[LISTED ENTRIES]
(* Let $\mathcal H$ be a real Hilbert space of finite dimension $d$ with orthonormal basis $(e_\ell)_{0\leq\ell\leq d-1}$, let $G\in\mathcal L(\mathcal S(\mathcal H),\mathcal A(\mathcal H))$ be diagonalizable in this basis with matrix-eigenvalue $(g_{i,j})$, let $H_0\in\mathcal S(\mathcal H)$ and let $H$ be the solution of $H'=[H,G(H)]$, $H(0)=H_0$. Assume that $H(t)$ converges as $t\to+\infty$ to a diagonal operator $H_\infty=\mathrm{diag}(\alpha_\ell)_{0\leq\ell\leq d-1}$ (as is the case under the assumptions of Corollary 1.4 above), and that $$-\gamma:=\max_{0\leq i<j\leq d-1}g_{i,j}(\alpha_i-\alpha_j)<0.$$ Then there exist $T,C>0$ such that for all $t\geq T$, $$\|H(t)-\mathrm{diag}(H(t))\|_{\mathsf{HS}}\leq Ce^{-\gamma t},$$ where $\mathrm{diag}(H)$ denotes the diagonal part of $H$ in the basis $(e_\ell)$.
   Context: $\mathcal S(\mathcal H)$, $\mathcal A(\mathcal H)$ are the symmetric and skew-symmetric operators; $\|\cdot\|_{\mathsf{HS}}$ is the Hilbert-Schmidt (Frobenius) norm; $[A,B]=AB-BA$. With $e_j^*(x)=\langle x,e_j\rangle$, define $E_{i,j}=\frac1{\sqrt2}(e_j^*(\cdot)e_i+e_i^*(\cdot)e_j)$ for $i\neq j$, $E_{i,i}=e_i^*(\cdot)e_i$, $E^\pm_{i,j}=\frac1{\sqrt2}(e_j^*(\cdot)e_i-e_i^*(\cdot)e_j)$. $G$ is diagonalizable with matrix-eigenvalue $(g_{i,j})$ (a skew-symmetric real family) if $G(E_{i,j})=g_{i,j}E^\pm_{i,j}$ for all $i,j$. *)

From Stdlib Require Import Reals Lra List.
Open Scope R_scope.

(* Operators on H (dim d, orthonormal basis e_0..e_{d-1}) are represented by
   their matrices in that basis: A i j = <A e_j, e_i>. Only indices < d matter. *)
Definition Mat := nat -> nat -> R.

Definition fsum (d : nat) (f : nat -> R) : R :=
  fold_right Rplus 0 (map f (seq 0 d)).

Definition meq (d : nat) (A B : Mat) : Prop :=
  forall i j, (i < d)%nat -> (j < d)%nat -> A i j = B i j.

Definition madd (A B : Mat) : Mat := fun i j => A i j + B i j.
Definition mscale (c : R) (A : Mat) : Mat := fun i j => c * A i j.
Definition mmul (d : nat) (A B : Mat) : Mat :=
  fun i j => fsum d (fun k => A i k * B k j).
Definition comm (d : nat) (A B : Mat) : Mat :=
  fun i j => mmul d A B i j - mmul d B A i j.

Definition symmetric (d : nat) (A : Mat) : Prop :=
  forall i j, (i < d)%nat -> (j < d)%nat -> A i j = A j i.

Definition ind (a b : nat) : R := if Nat.eqb a b then 1 else 0.

Definition Esym (i j : nat) : Mat := fun k l =>
  if Nat.eqb i j then ind k i * ind l i
  else / sqrt 2 * (ind k i * ind l j + ind k j * ind l i).
Definition Eskew (i j : nat) : Mat := fun k l =>
  / sqrt 2 * (ind k i * ind l j - ind k j * ind l i).

Definition diagonalizable (d : nat) (G : Mat -> Mat) (g : nat -> nat -> R) : Prop :=
  (forall A B, meq d A B -> meq d (G A) (G B)) /\
  (forall A B, symmetric d A -> symmetric d B -> meq d (G (madd A B)) (madd (G A) (G B))) /\
  (forall c A, symmetric d A -> meq d (G (mscale c A)) (mscale c (G A))) /\
  (forall i j, (i < d)%nat -> (j < d)%nat -> g i j = - g j i) /\
  (forall i j, (i < d)%nat -> (j < d)%nat -> meq d (G (Esym i j)) (mscale (g i j) (Eskew i j))).

Definition HSnorm (d : nat) (A : Mat) : R :=
  sqrt (fsum d (fun i => fsum d (fun j => (A i j) ^ 2))).

Definition offdiag (A : Mat) : Mat := fun i j => if Nat.eqb i j then 0 else A i j.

[REQUIRED WORK]
From the entries above, copy each line holding "Prop".

[EXERCISE OUTPUT]
Definition meq (d : nat) (A B : Mat) : Prop :=
Definition symmetric (d : nat) (A : Mat) : Prop :=
Definition diagonalizable (d : nat) (G : Mat -> Mat) (g : nat -> nat -> R) : Prop :=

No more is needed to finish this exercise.